WORK TO BE COMPLETED
Could you reproduce, word for word, everything below from the line containing "Definition qadd (A" down to the line containing "For minimality, if", with both of those lines included and no others?

---------- SUPPLIED DATA ----------

(* Let $A$ be a fuzzy ideal of a fuzzy Riesz space $(E,\mu)$ and let $T:E\rightarrow E/A$, $Tf=[f]$, be the canonical projection, where $E/A$ carries the fuzzy order $\nu$ described in the context. Then $T$ is a fuzzy Riesz homomorphism.
   Context: A fuzzy order on a real vector space $E$ is a map $\mu:E\times E\to[0,1]$ with $\mu(x,x)=1$; $\mu(x,y)+\mu(y,x)>1$ implies $x=y$; and $\mu(x,z)\ge\sup_{y}\min(\mu(x,y),\mu(y,z))$. Write $x\le y$ for $\mu(x,y)>\frac12$; suprema/infima are taken with respect to this relation. $(E,\mu)$ is a fuzzy ordered linear space if $\mu(x_1,x_2)>\frac12$ implies $\mu(x_1,x_2)\le\mu(x_1+x,x_2+x)$ for all $x$ and $\mu(x_1,x_2)\le\mu(\alpha x_1,\alpha x_2)$ for all $\alpha>0$; it is a fuzzy Riesz space if $x\vee y=\sup\{x,y\}$ and $x\wedge y=\inf\{x,y\}$ exist for all $x,y$. $|x|=x\vee(-x)$. A fuzzy ideal is a vector subspace $A$ such that $\mu(|x|,|y|)>\frac12$ and $y\in A$ imply $x\in A$. For $f\in E$, $[f]=f+A$, $E/A$ is the quotient vector space, and $\nu([f],[g])=1$ if $[f]=[g]$; $\nu([f],[g])=\frac23$ if $[f]\ne[g]$ and there exist $f_1\in[f]$, $g_1\in[g]$ with $\mu(f_1,g_1)>\frac12$; $\nu([f],[g])=0$ otherwise. $(E/A,\nu)$ is a fuzzy Riesz space. A fuzzy Riesz homomorphism is a linear map with $T(x\vee y)=Tx\vee Ty$. *)

From HB Require Import structures.
From mathcomp Require Import all_boot all_order all_algebra.
From mathcomp Require Import boolp classical_sets reals.
Set Implicit Arguments. Unset Strict Implicit. Unset Printing Implicit Defensive.
Import Order.TTheory GRing.Theory Num.Theory.
Local Open Scope ring_scope.
Local Open Scope classical_set_scope.

Section FuzzyDefs.
Variables (R : realType) (E : lmodType R).

Definition fuzzy_order (T : Type) (mu : T -> T -> R) : Prop :=
  (forall x y, 0 <= mu x y <= 1) /\
  (forall x, mu x x = 1) /\
  (forall x y, mu x y + mu y x > 1 -> x = y) /\
  (forall x y z, Num.min (mu x y) (mu y z) <= mu x z).

Definition fle (T : Type) (mu : T -> T -> R) (x y : T) : Prop := mu x y > 2^-1.

Definition is_sup2 (T : Type) (mu : T -> T -> R) (dom : set T) (s x y : T) :=
  dom s /\ fle mu x s /\ fle mu y s /\
  (forall u, dom u -> fle mu x u -> fle mu y u -> fle mu s u).

Definition is_inf2 (T : Type) (mu : T -> T -> R) (dom : set T) (s x y : T) :=
  dom s /\ fle mu s x /\ fle mu s y /\
  (forall u, dom u -> fle mu u x -> fle mu u y -> fle mu u s).

Definition fuzzy_ordered_linear_space (mu : E -> E -> R) : Prop :=
  fuzzy_order mu /\
  (forall x1 x2, fle mu x1 x2 ->
     (forall x, mu x1 x2 <= mu (x1 + x) (x2 + x)) /\
     (forall a : R, 0 < a -> mu x1 x2 <= mu (a *: x1) (a *: x2))).

Definition fuzzy_riesz_space (mu : E -> E -> R) : Prop :=
  fuzzy_ordered_linear_space mu /\
  (forall x y, exists s, is_sup2 mu setT s x y) /\
  (forall x y, exists i, is_inf2 mu setT i x y).

Definition subspace (A : set E) : Prop :=
  A 0 /\ (forall x y, A x -> A y -> A (x + y)) /\
  (forall (a : R) x, A x -> A (a *: x)).

(* |x| = x \/ (-x); since suprema are unique, "ax = |x|" is is_sup2 mu setT ax x (-x) *)
Definition fuzzy_ideal (mu : E -> E -> R) (A : set E) : Prop :=
  subspace A /\
  (forall x y ax ay, is_sup2 mu setT ax x (- x) -> is_sup2 mu setT ay y (- y) ->
     fle mu ax ay -> A y -> A x).

(* E/A : elements are the cosets [f] = f + A, represented as subsets of E *)
Definition coset (A : set E) (f : E) : set E := [set g | A (g - f)].
Definition quot (A : set E) : set (set E) := range (coset A).

Definition qadd (A : set E) (C D : set E) : set E :=
  [set g | exists c d, C c /\ D d /\ A (g - (c + d))].
Definition qscale (A : set E) (a : R) (C : set E) : set E :=
  [set g | exists c, C c /\ A (g - a *: c)].

Definition nu (mu : E -> E -> R) (C D : set E) : R :=
  if pselect (C = D) then 1
  else if pselect (exists f1 g1, C f1 /\ D g1 /\ mu f1 g1 > 2^-1) then 2 / 3
  else 0.

End FuzzyDefs.

From HB Require Import structures.
From mathcomp Require Import all_boot all_order all_algebra.
From mathcomp Require Import boolp classical_sets reals.
From mathcomp Require Import lra.
Import Order.TTheory GRing.Theory Num.Theory.
Local Open Scope ring_scope.
Local Open Scope classical_set_scope.
Set Implicit Arguments.
Unset Strict Implicit.

(* [f] <= [g] in E/A exactly when f <= g + c for some c in A.  Linearity of
   f |-> [f] is immediate, and [s] is an upper bound of [x], [y] with c = 0.
   For minimality, if x <= u + c1 and y <= u + c2 with c1, c2 in A, then
   c := |c1| + |c2| lies in A because A is an ideal, and dominates c1 and c2
   since absolute values are positive; hence x, y <= u + c, so s <= u + c,
   i.e. [s] <= [u]. *)

Section FuzzyOrder.
Variables (R : realType) (T : Type) (mu : T -> T -> R).
Hypothesis mu_order : fuzzy_order mu.

Lemma fle_refl x : fle mu x x.
Proof. by rewrite /fle mu_order.2.1; lra. Qed.

Lemma fle_trans y x z : fle mu x y -> fle mu y z -> fle mu x z.
Proof.
rewrite /fle => lt_xy lt_yz; apply: lt_le_trans (mu_order.2.2.2 x y z).
by rewrite lt_min lt_xy lt_yz.
Qed.

End FuzzyOrder.

Section OrderedSpace.
Variables (R : realType) (E : lmodType R) (mu : E -> E -> R).
Hypothesis mu_ols : fuzzy_ordered_linear_space mu.
Let mu_order := mu_ols.1.

Lemma fle_add2r x a b : fle mu a b -> fle mu (a + x) (b + x).
Proof. by move=> le_ab; apply: lt_le_trans le_ab ((mu_ols.2 a b le_ab).1 x). Qed.

Lemma fle_add2l x a b : fle mu a b -> fle mu (x + a) (x + b).
Proof. by rewrite ![x + _]addrC; apply: fle_add2r. Qed.

Lemma fle_scale (r : R) a b : 0 < r -> fle mu a b -> fle mu (r *: a) (r *: b).
Proof. by move=> r_gt0 le_ab; apply: lt_le_trans le_ab ((mu_ols.2 a b le_ab).2 r r_gt0). Qed.

Lemma fle_addr a b : fle mu 0 b -> fle mu a (a + b).
Proof. by move/(fle_add2l a); rewrite addr0. Qed.

(* 0 = c - c <= |c| - c <= |c| + |c|. *)
Lemma abs_ge0 a c : is_sup2 mu setT a c (- c) -> fle mu 0 a.
Proof.
move=> [_ [le_ca [le_Nca _]]].
have le_0_2a : fle mu 0 (a + a).
  apply: (fle_trans mu_order (y := a - c)); first by rewrite -(subrr c); exact: fle_add2r.
  exact: fle_add2l.
have two_gt0 : (0 : R) < 2^-1 by rewrite invr_gt0.
have := fle_scale two_gt0 le_0_2a.
by rewrite scaler0 -mulr2n -scaler_nat scalerA mulVf ?pnatr_eq0 // scale1r.
Qed.

Lemma abs_idem a c : is_sup2 mu setT a c (- c) -> is_sup2 mu setT a a (- a).
Proof.
move=> /abs_ge0 ge0_a; split => //; split; first exact: fle_refl.
split; last by move=> u _ le_au _.
apply: (fle_trans mu_order _ ge0_a).
by move: (fle_add2r (- a) ge0_a); rewrite add0r subrr.
Qed.

End OrderedSpace.

Section Quotient.
Variables (R : realType) (E : lmodType R) (mu : E -> E -> R) (A : set E).
Hypothesis A_subspace : subspace A.

Lemma subspace0 : A 0.
Proof. exact: A_subspace.1. Qed.

Lemma subspaceD x y : A x -> A y -> A (x + y).
Proof. exact: A_subspace.2.1. Qed.

Lemma subspaceZ (a : R) x : A x -> A (a *: x).
Proof. exact: A_subspace.2.2. Qed.

Lemma subspaceB x y : A x -> A y -> A (x - y).
Proof. by move=> Ax Ay; rewrite -scaleN1r; apply/subspaceD/subspaceZ. Qed.

Lemma coset_refl f : coset A f f.
Proof. by rewrite /coset /= subrr; exact: subspace0. Qed.

Lemma coset_add x y : coset A (x + y) = qadd A (coset A x) (coset A y).
Proof.
apply/seteqP; split => g; rewrite /coset /qadd /=.
  by move=> Ag; exists x, y; rewrite !subrr; split; [|split]; [exact: subspace0..|].
move=> [c [d [Acx [Adx Ag]]]]; rewrite -(subrKA (c + d)); apply: subspaceD => //.
by rewrite opprD addrACA; exact: subspaceD.
Qed.

Lemma coset_scale (a : R) x : coset A (a *: x) = qscale A a (coset A x).
Proof.
apply/seteqP; split => g; rewrite /coset /qscale /=.
  by move=> Ag; exists x; split; first exact: coset_refl.
move=> [c [Acx Ag]]; rewrite -(subrKA (a *: c)); apply: subspaceD => //.
by rewrite -scalerBr; exact: subspaceZ.
Qed.

Hypothesis mu_ols : fuzzy_ordered_linear_space mu.

Lemma fle_nu_coset a b :
  fle (nu mu) (coset A a) (coset A b) <-> exists2 c, A c & fle mu a (b + c).
Proof.
rewrite /fle /nu; split.
  case: pselect => [eq_ab _|_] /=.
    exists (a - b); first by move: (coset_refl a); rewrite eq_ab.
    by rewrite subrKC; exact: (@fle_refl _ _ mu mu_ols.1 a).
  case: pselect => [[f [g [Af [Ag le_fg]]]] _|_] /=; last by lra.
  (* a = f + (a - f) <= g + (a - f) = b + ((g - b) - (f - a)) *)
  exists ((g - b) - (f - a)); first exact: subspaceB.
  have -> : b + (g - b - (f - a)) = g + (a - f) by rewrite addrC opprB addrAC subrK.
  by rewrite -{1}(subrKC f a); apply: fle_add2r.
move=> [c Ac le_a_bc]; case: pselect => _ /=; first by lra.
case: pselect => [_|[]] /=; first by lra.
exists a, (b + c); split; first exact: coset_refl.
by split => //; rewrite /coset /= addrAC subrr add0r.
Qed.

End Quotient.

Section Ideal.
Variables (R : realType) (E : lmodType R) (mu : E -> E -> R) (A : set E).
Hypotheses (mu_riesz : fuzzy_riesz_space mu) (A_ideal : fuzzy_ideal mu A).
Let mu_ols := mu_riesz.1.
Let mu_order := mu_ols.1.

Lemma ideal_abs a c : is_sup2 mu setT a c (- c) -> A c -> A a.
Proof.
move=> abs_c Ac; apply: (A_ideal.2 a c a a) Ac => //; last exact: fle_refl.
exact: abs_idem abs_c.
Qed.

Lemma ideal_common_bound c1 c2 :
  A c1 -> A c2 -> exists2 c, A c & fle mu c1 c /\ fle mu c2 c.
Proof.
move=> Ac1 Ac2; have [a1 abs_c1] := mu_riesz.2.1 c1 (- c1).
have [a2 abs_c2] := mu_riesz.2.1 c2 (- c2).
exists (a1 + a2).
  exact: (subspaceD A_ideal.1 (ideal_abs abs_c1 Ac1) (ideal_abs abs_c2 Ac2)).
split.
  apply: (fle_trans mu_order abs_c1.2.1).
  exact/fle_addr/(abs_ge0 mu_ols abs_c2).
apply: (fle_trans mu_order abs_c2.2.1); rewrite addrC.
exact/fle_addr/(abs_ge0 mu_ols abs_c1).
Qed.

End Ideal.

Theorem theorem3p6 (R : realType) (E : lmodType R) (mu : E -> E -> R) (A : set E) :
  fuzzy_riesz_space mu -> fuzzy_ideal mu A ->
  (* T f = [f] is linear *)
  (forall x y : E, coset A (x + y) = qadd A (coset A x) (coset A y)) /\
  (forall (a : R) (x : E), coset A (a *: x) = qscale A a (coset A x)) /\
  (* T (x \/ y) = T x \/ T y, the join in E/A taken w.r.t. nu *)
  (forall x y s : E, is_sup2 mu setT s x y ->
     is_sup2 (nu mu) (quot A) (coset A s) (coset A x) (coset A y)).
Proof.
move=> mu_riesz A_ideal; have A_subspace := A_ideal.1.
have mu_ols := mu_riesz.1; have mu_order := mu_ols.1.
split; first exact: coset_add.
split; first exact: coset_scale.
move=> x y s [_ [le_xs [le_ys s_least]]].
have below_coset f : fle mu f s -> fle (nu mu) (coset A f) (coset A s).
  by move=> le_fs; apply/(fle_nu_coset A_subspace mu_ols); exists 0;
    [exact: subspace0 | rewrite addr0].
split; first by exists s.
split; first exact: below_coset.
split; first exact: below_coset.
move=> _ [u _ <-] /(fle_nu_coset A_subspace mu_ols) [c1 Ac1 le_x]
                  /(fle_nu_coset A_subspace mu_ols) [c2 Ac2 le_y].
have [c Ac [le_c1 le_c2]] := ideal_common_bound mu_riesz A_ideal Ac1 Ac2.
apply/(fle_nu_coset A_subspace mu_ols); exists c => //.
apply: s_least => //.
  by apply: (fle_trans mu_order le_x); exact: fle_add2l.
by apply: (fle_trans mu_order le_y); exact: fle_add2l.
Qed.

----------

OUTPUT FOR THIS EXERCISE
Definition qadd (A : set E) (C D : set E) : set E :=
  [set g | exists c d, C c /\ D d /\ A (g - (c + d))].
Definition qscale (A : set E) (a : R) (C : set E) : set E :=
  [set g | exists c, C c /\ A (g - a *: c)].

Definition nu (mu : E -> E -> R) (C D : set E) : R :=
  if pselect (C = D) then 1
  else if pselect (exists f1 g1, C f1 /\ D g1 /\ mu f1 g1 > 2^-1) then 2 / 3
  else 0.

End FuzzyDefs.

From HB Require Import structures.
From mathcomp Require Import all_boot all_order all_algebra.
From mathcomp Require Import boolp classical_sets reals.
From mathcomp Require Import lra.
Import Order.TTheory GRing.Theory Num.Theory.
Local Open Scope ring_scope.
Local Open Scope classical_set_scope.
Set Implicit Arguments.
Unset Strict Implicit.

(* [f] <= [g] in E/A exactly when f <= g + c for some c in A.  Linearity of
   f |-> [f] is immediate, and [s] is an upper bound of [x], [y] with c = 0.
   For minimality, if x <= u + c1 and y <= u + c2 with c1, c2 in A, then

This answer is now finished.